Mereka semua mengenakan rompi hitam, menyandang tas ransel di punggung, sedangkan wajah mereka tertutup masker hitam. Mereka adalah tim pengawal Nazaruddin yang mengiringi penerbangan Bogota-Jakarta yang terdiri dari unsur KPK, Polri, Kementerian Luar Negeri dan Imigrasi.

Beberapa lama kemudian, "sang bintang" keluar dari pesawat digiring sejumlah petugas keamanan. Nazaruddin mengenakan jaket coklat dengan tangan terborgol.  Dia menundukkan kepala sejak menuruni tangga pesawat hingga memasuki minivan berwarna perak yang langsung membawanya ke Rumah Tahanan Mako Brimob, Kelapa Dua, Depok, Jawa Barat.

Di rumah tahanan yang akan dihuninya itu, Nazaruddin hanya singgah sejenak untuk pemeriksaan kesehatan oleh tim dokter KPK.

Setelah itu, dia langsung dibawa ke Gedung KPK untuk menjalani pemeriksaan adiminstrasi dan diserahkan dari interpol kepada KPK.

Kecil tapi harus dilunasi

Ketika mantan Wakil Presiden Jusuf Kalla dimintai komentarnya tentang biaya pemulangan Nazaruddin yang mencapai angka Rp4,3 miliar, pria Makassar yang pengusaha itu menjawab dengan perhitungan taktis.

Menurut dia, nilai itu tidak seberapa dibandingkan uang negara yang nanti bisa diperoleh kembali dari berbagai kasus yang mungkin melibatkan Nazaruddin seperti yang selama ini dinyanyikannya sendiri dari tempat persembunyiannya.

"Dibanding yang dicuri Nazaruddin, kecil itu Rp4 miliar. Kalau dia di sini, bisa kembali lebih banyak kan. Kalau tidak hadir, bisa menghilang itu uang. Kalau dengan ongkos Rp4 miliar itu bisa dapat kembali mungkin Rp400 miliar, murah kan?" tutur Kalla.

Namun, apakah modal Rp4,3 miliar yang dikeluarkan pemerintah dari APBN itu akan benar-benar balik modal atau malah mendatangkan keuntungan bagi negara?

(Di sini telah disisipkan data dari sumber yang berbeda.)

(* Let $n\ge2$. For every $\Gamma\cup\{\varphi\}\subseteq{\bf F}(\Sigma,\mathcal{V})$: $\Gamma\vdash_{C_n}\varphi$ iff $\Gamma\vDash^{\mathsf{RN}}_{\mathcal{RM}_{C_n}}\varphi$.
   Context: $\Sigma$ has unary $\neg$ and binary $\wedge,\vee,\to$; ${\bf F}(\Sigma,\mathcal{V})$ its formulas over a denumerable set $\mathcal{V}$. $\alpha^0=\alpha$, $\alpha^{k+1}=\neg(\alpha^k\wedge\neg\alpha^k)$; $\alpha^{(1)}=\alpha^1$, $\alpha^{(k+1)}=\alpha^{(k)}\wedge\alpha^{k+1}$. $C_n$ is the Hilbert calculus with Modus Ponens and axiom schemata: $\alpha\to(\beta\to\alpha)$; $(\alpha\to(\beta\to\gamma))\to((\alpha\to\beta)\to(\alpha\to\gamma))$; $\alpha\to(\beta\to(\alpha\wedge\beta))$; $(\alpha\wedge\beta)\to\alpha$; $(\alpha\wedge\beta)\to\beta$; $\alpha\to(\alpha\vee\beta)$; $\beta\to(\alpha\vee\beta)$; $(\alpha\to\gamma)\to((\beta\to\gamma)\to((\alpha\vee\beta)\to\gamma))$; $\alpha\vee\neg\alpha$; $\neg\neg\alpha\to\alpha$; $\alpha^{(n)}\to(\alpha\to(\neg\alpha\to\beta))$; $(\alpha^{(n)}\wedge\beta^{(n)})\to((\alpha\wedge\beta)^{(n)}\wedge(\alpha\vee\beta)^{(n)}\wedge(\alpha\to\beta)^{(n)})$. $B_n=\{z\in\{0,1\}^{n+1}:(z_1\wedge\dots\wedge z_k)\vee z_{k+1}=1\text{ for all }1\le k\le n\}$, with elements $T_n=(1,0,1,\dots,1)$, $t^n_i$ ($0\le i\le n-2$) having $z_1=z_2=1$ and a single $0$ at coordinate $i+3$, $t^n_{n-1}=(1,\dots,1)$, $F_n=(0,1,\dots,1)$. $D_n=\{z:z_1=1\}$, $Boo_n=\{T_n,F_n\}$, $I_n=B_n\setminus Boo_n$. $\mathcal{A}_{C_n}$ on $B_n$: $\tilde\neg z=\{w\in B_n:w_1=z_2,\ w_2\le z_1\}$; for $\#\in\{\wedge,\vee,\to\}$, $z\tilde\#w=\{u\in Boo_n:u_1=z_1\#w_1\}$ if $z,w\in Boo_n$, else $\{u\in B_n:u_1=z_1\#w_1\}$. A valuation is $\nu$ with $\nu(\neg\alpha)\in\tilde\neg\nu(\alpha)$, $\nu(\alpha\#\beta)\in\nu(\alpha)\tilde\#\nu(\beta)$. $\mathcal{F}_{C_n}$: valuations with $\nu(\alpha)=t^n_0\Rightarrow\nu(\alpha\wedge\neg\alpha)=T_n$, and for $1\le k\le n-1$, $\nu(\alpha)=t^n_k\Rightarrow(\nu(\alpha\wedge\neg\alpha)\in I_n$ and $\nu(\alpha^1)=t^n_{k-1})$. $\mathcal{RM}_{C_n}=(\mathcal{A}_{C_n},D_n,\mathcal{F}_{C_n})$; $\Gamma\vDash^{\mathsf{RN}}_{\mathcal{RM}_{C_n}}\varphi$ iff every $\nu\in\mathcal{F}_{C_n}$ with $\nu[\Gamma]\subseteq D_n$ has $\nu(\varphi)\in D_n$. *)

From Stdlib Require Import List Arith Bool.
Import ListNotations.
(* Let $\mathbf{C}_\rho=\mathbb{E}_{\mathbf{x}\sim\rho}[\mathbf{x}\mathbf{x}^{\top}]\in\mathbb{R}^{d\times d}$ for a distribution $\rho$ on $\mathbb{R}^d$ with finite second moments, let $\lambda>0$, and let $\Omega$ be any set of real matrices with $d$ columns. For $\mathbf{X}\in\Omega$ write $\mathbf{M}=\mathbf{X}^{\top}\mathbf{X}$ and $\mathbf{M}_\lambda=\mathbf{M}+\lambda\mathbf{I}_d$, and for $t\ge 0$ define $$\bar{\varphi}_{\lambda,t}(\mathbf{M})=\big\|\mathbf{C}_\rho^{1/2}\big(\mathbf{I}-\mathbf{M}_\lambda^{+}\mathbf{M}\big)\big\|_F^{2}+t\,\mathrm{Tr}\big(\mathbf{C}_\rho(\mathbf{M}_\lambda^{+})^{2}\mathbf{M}\big).$$ Then $$\operatorname*{argmin}_{\mathbf{X}\in\Omega}\mathrm{Tr}\big(\mathbf{C}_\rho\mathbf{M}_\lambda^{-1}\big)=\operatorname*{argmin}_{\mathbf{X}\in\Omega}\bar{\varphi}_{\lambda,\lambda}(\mathbf{M}).$$
   Context: ${}^{+}$ denotes the Moore–Penrose pseudoinverse, $\|\cdot\|_F$ the Frobenius norm, and $\mathbf{C}_\rho^{1/2}$ the positive semidefinite square root of $\mathbf{C}_\rho$. *)

From HB Require Import structures.
From mathcomp Require Import all_boot all_order all_algebra.
From mathcomp Require Import all_classical all_reals all_analysis.
Set Implicit Arguments. Unset Strict Implicit. Unset Printing Implicit Defensive.
Import Order.TTheory GRing.Theory Num.Theory.
Local Open Scope ring_scope.
Local Open Scope classical_set_scope.

(* Second-moment matrix C_rho = E[x x^T] of the random vector x = (X_0,...,X_{d-1}),
   i.e. of its distribution rho on R^d. *)
Definition second_moment {dT} {T : measurableType dT} {R : realType}
  (P : probability T R) (d : nat) (X : 'I_d -> {RV P >-> R}) : 'M[R]_d :=
  \matrix_(i, j) fine (expectation P (fun w => X i w * X j w)).

Definition penrose {R : realType} (m n : nat) (A : 'M[R]_(m, n)) (B : 'M[R]_(n, m)) :=
  [/\ A *m B *m A = A, B *m A *m B = B,
      (A *m B)^T = A *m B & (B *m A)^T = B *m A].

(* Moore-Penrose pseudoinverse (unique when it exists; it always exists over R). *)
Definition mpinv {R : realType} (m n : nat) (A : 'M[R]_(m, n)) : 'M[R]_(n, m) :=
  xget 0 [set B | penrose A B].

Definition psd {R : realType} (n : nat) (S : 'M[R]_n) :=
  S^T = S /\ forall v : 'cV[R]_n, 0 <= (v^T *m S *m v) 0 0.

Definition frob {R : realType} (m n : nat) (A : 'M[R]_(m, n)) : R :=
  Num.sqrt (\sum_i \sum_j (A i j) ^+ 2).

Definition gram {R : realType} (d : nat) (X : {m : nat & 'M[R]_(m, d)}) : 'M[R]_d :=
  (projT2 X)^T *m projT2 X.
Definition Mlam {R : realType} (d : nat) (lam : R) (M : 'M[R]_d) : 'M[R]_d :=
  M + lam%:M.

Definition phibar {R : realType} (d : nat) (C Csqrt : 'M[R]_d) (lam t : R)
  (M : 'M[R]_d) : R :=
  frob (Csqrt *m (1%:M - mpinv (Mlam lam M) *m M)) ^+ 2
  + t * \tr (C *m (mpinv (Mlam lam M) ^+ 2) *m M).

Definition argmin {T : Type} {R : realType} (Omega : set T) (f : T -> R) : set T :=
  [set x | Omega x /\ forall y, Omega y -> f x <= f y].

(* For lam > 0 the matrix M_lam = X^T X + lam I is invertible, so its pseudoinverse is its inverse
   N and I - N M = lam N. Hence phibar_{lam,lam}(M) = lam^2 Tr(C N^2) + lam Tr(C N^2 M)
   = lam Tr(C N^2 M_lam) = lam Tr(C N): the two objectives differ by the positive factor lam and
   have the same minimisers. *)
From HB Require Import structures.
From mathcomp Require Import all_boot all_order all_algebra.
From mathcomp Require Import all_classical all_reals all_analysis.
From mathcomp Require Import ring.
Set Implicit Arguments. Unset Strict Implicit. Unset Printing Implicit Defensive.
Import Order.TTheory GRing.Theory Num.Theory.
Local Open Scope ring_scope.
Local Open Scope classical_set_scope.

Section MatrixFacts.

Variable R : realType.

Lemma row_mul_tr (n : nat) (v : 'rV[R]_n) : (v *m v^T) 0 0 = \sum_j v 0 j ^+ 2.
Proof. by rewrite mxE; apply: eq_bigr => j _; rewrite mxE expr2. Qed.

Lemma row_mul_tr_ge0 (n : nat) (v : 'rV[R]_n) : 0 <= (v *m v^T) 0 0.
Proof. by rewrite row_mul_tr; apply: sumr_ge0 => j _; apply: sqr_ge0. Qed.

Lemma row_mul_tr_eq0 (n : nat) (v : 'rV[R]_n) : (v *m v^T) 0 0 = 0 -> v = 0.
Proof.
rewrite row_mul_tr => /psumr_eq0P v0; apply/rowP => j; rewrite mxE.
by apply/eqP; rewrite -sqrf_eq0 v0 // => i _; apply: sqr_ge0.
Qed.

Lemma gram_add_scalar_unitmx (m n : nat) (A : 'M[R]_(m, n)) (lam : R) :
  0 < lam -> A^T *m A + lam%:M \in unitmx.
Proof.
move=> lam_gt0; rewrite -row_free_unit; apply: inj_row_free => v vA0.
have : (v *m (A^T *m A + lam%:M) *m v^T) 0 0 = 0 by rewrite vA0 mul0mx mxE.
rewrite mulmxDr mulmxDl mul_mx_scalar -scalemxAl mxE [X in _ + X]mxE.
have -> : v *m (A^T *m A) *m v^T = v *m A^T *m (v *m A^T)^T.
  by rewrite trmx_mul trmxK !mulmxA.
move/eqP; rewrite paddr_eq0 ?mulr_ge0 ?(ltW lam_gt0) ?row_mul_tr_ge0 // => /andP[_].
by rewrite mulf_eq0 gt_eqF //= => /eqP; apply: row_mul_tr_eq0.
Qed.

Lemma frob_sqr (m n : nat) (A : 'M[R]_(m, n)) : frob A ^+ 2 = \tr (A *m A^T).
Proof.
rewrite /frob sqr_sqrtr; last by do 2![apply: sumr_ge0 => ? _]; apply: sqr_ge0.
by apply: eq_bigr => i _; rewrite mxE; apply: eq_bigr => j _; rewrite mxE expr2.
Qed.

Lemma mpinv_unitmx (n : nat) (A : 'M[R]_n) : A \in unitmx -> mpinv A = invmx A.
Proof.
move=> uA; apply: xget_unique.
  by split; rewrite ?mulmxV ?mulVmx ?mul1mx ?trmx1.
move=> B [ABA _ _ _].
have := congr1 (fun Z => invmx A *m Z *m invmx A) ABA.
by rewrite /= !mulmxA mulVmx // !mul1mx -!mulmxA mulmxV // mulmx1.
Qed.

Lemma phibar_lam_lam (d : nat) (C S M : 'M[R]_d) (lam : R) :
  S^T = S -> S *m S = C -> M^T = M -> Mlam lam M \in unitmx ->
  phibar C S lam lam M = lam * \tr (C *m invmx (Mlam lam M)).
Proof.
move=> St SS_C Mt uMl; rewrite /phibar mpinv_unitmx //.
set Ml := Mlam lam M; set N := invmx Ml.
have NMl : N *m Ml = 1%:M by rewrite mulVmx.
have Nt : N^T = N by rewrite /N trmx_inv /Ml /Mlam linearD /= Mt tr_scalar_mx.
have resolvent : 1%:M - N *m M = lam *: N.
  by rewrite -NMl -mulmxBr /Ml /Mlam addrAC subrr add0r mul_mx_scalar.
have trSNNS : \tr (S *m N *m N *m S) = \tr (C *m N *m N).
  by rewrite -!mulmxA mxtrace_mulC -!mulmxA SS_C mulmxA mxtrace_mulC.
have trCN : \tr (C *m N) = \tr (C *m N *m N *m M) + lam * \tr (C *m N *m N).
  rewrite -{1}(mulmx1 (C *m N)) -NMl mulmxA /Ml /Mlam mulmxDr mxtraceD.
  by rewrite mul_mx_scalar mxtraceZ.
rewrite resolvent frob_sqr trmx_mul [(_ *: N)^T]linearZ /= Nt St.
rewrite -scalemxAr -!scalemxAl -scalemxAr !mxtraceZ !mulmxA trSNNS trCN; ring.
Qed.

End MatrixFacts.

Lemma argmin_pscale (T : Type) (R : realType) (Omega : set T) (f g : T -> R) (c : R) :
  0 < c -> (forall x, g x = c * f x) -> argmin Omega f = argmin Omega g.
Proof.
move=> c_gt0 gE; apply/seteqP; split=> x [Ox x_min]; split=> // y Oy.
  by rewrite !gE ler_pM2l // x_min.
by have := x_min y Oy; rewrite !gE ler_pM2l.
Qed.

Theorem proposition6 (R : realType) (dT : measure_display) (T : measurableType dT)
  (P : probability T R) (d : nat) (X : 'I_d -> {RV P >-> R})
  (hX : forall i, (X i : T -> R) \in Lfun P 2%:E)
  (Csqrt : 'M[R]_d)
  (hsqrt : psd Csqrt /\ Csqrt *m Csqrt = second_moment X)
  (lam : R) (hlam : 0 < lam)
  (Omega : set {m : nat & 'M[R]_(m, d)}) :
  argmin Omega (fun Y => \tr (second_moment X *m invmx (Mlam lam (gram Y))))
  = argmin Omega (fun Y => phibar (second_moment X) Csqrt lam lam (gram Y)).
Proof.
case: hsqrt => [[Csqrt_t _] Csqrt_sq].
apply: (argmin_pscale _ hlam) => Y.
apply: phibar_lam_lam => //; last exact: (gram_add_scalar_unitmx (projT2 Y) hlam).
by rewrite /gram trmx_mul trmxK.
Qed.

Jawabannya akan sangat tergantung kepada apakah Nazaruddin akan tetap lantang bersuara membongkar berbagai kasus terselubung yang sebelum ini dia beberkan dari jauh.

Dan pastinya, itu juga bergantung kepada independesi dan kesungguhan KPK dalam mengusut tuntas seluruh perkara yang melibatkan Nazaruddin.

Rakyat yang dipinjam uangnya untuk memulangkan Nazaruddin selayaknya dilunasi oleh proses hukum yang akuntabel, transparan dan memenuhi rasa keadilan publik. Tidak boleh itu berlarut-larut dan melelahkan seperti publik menunggu pulangnya Nazaruddin.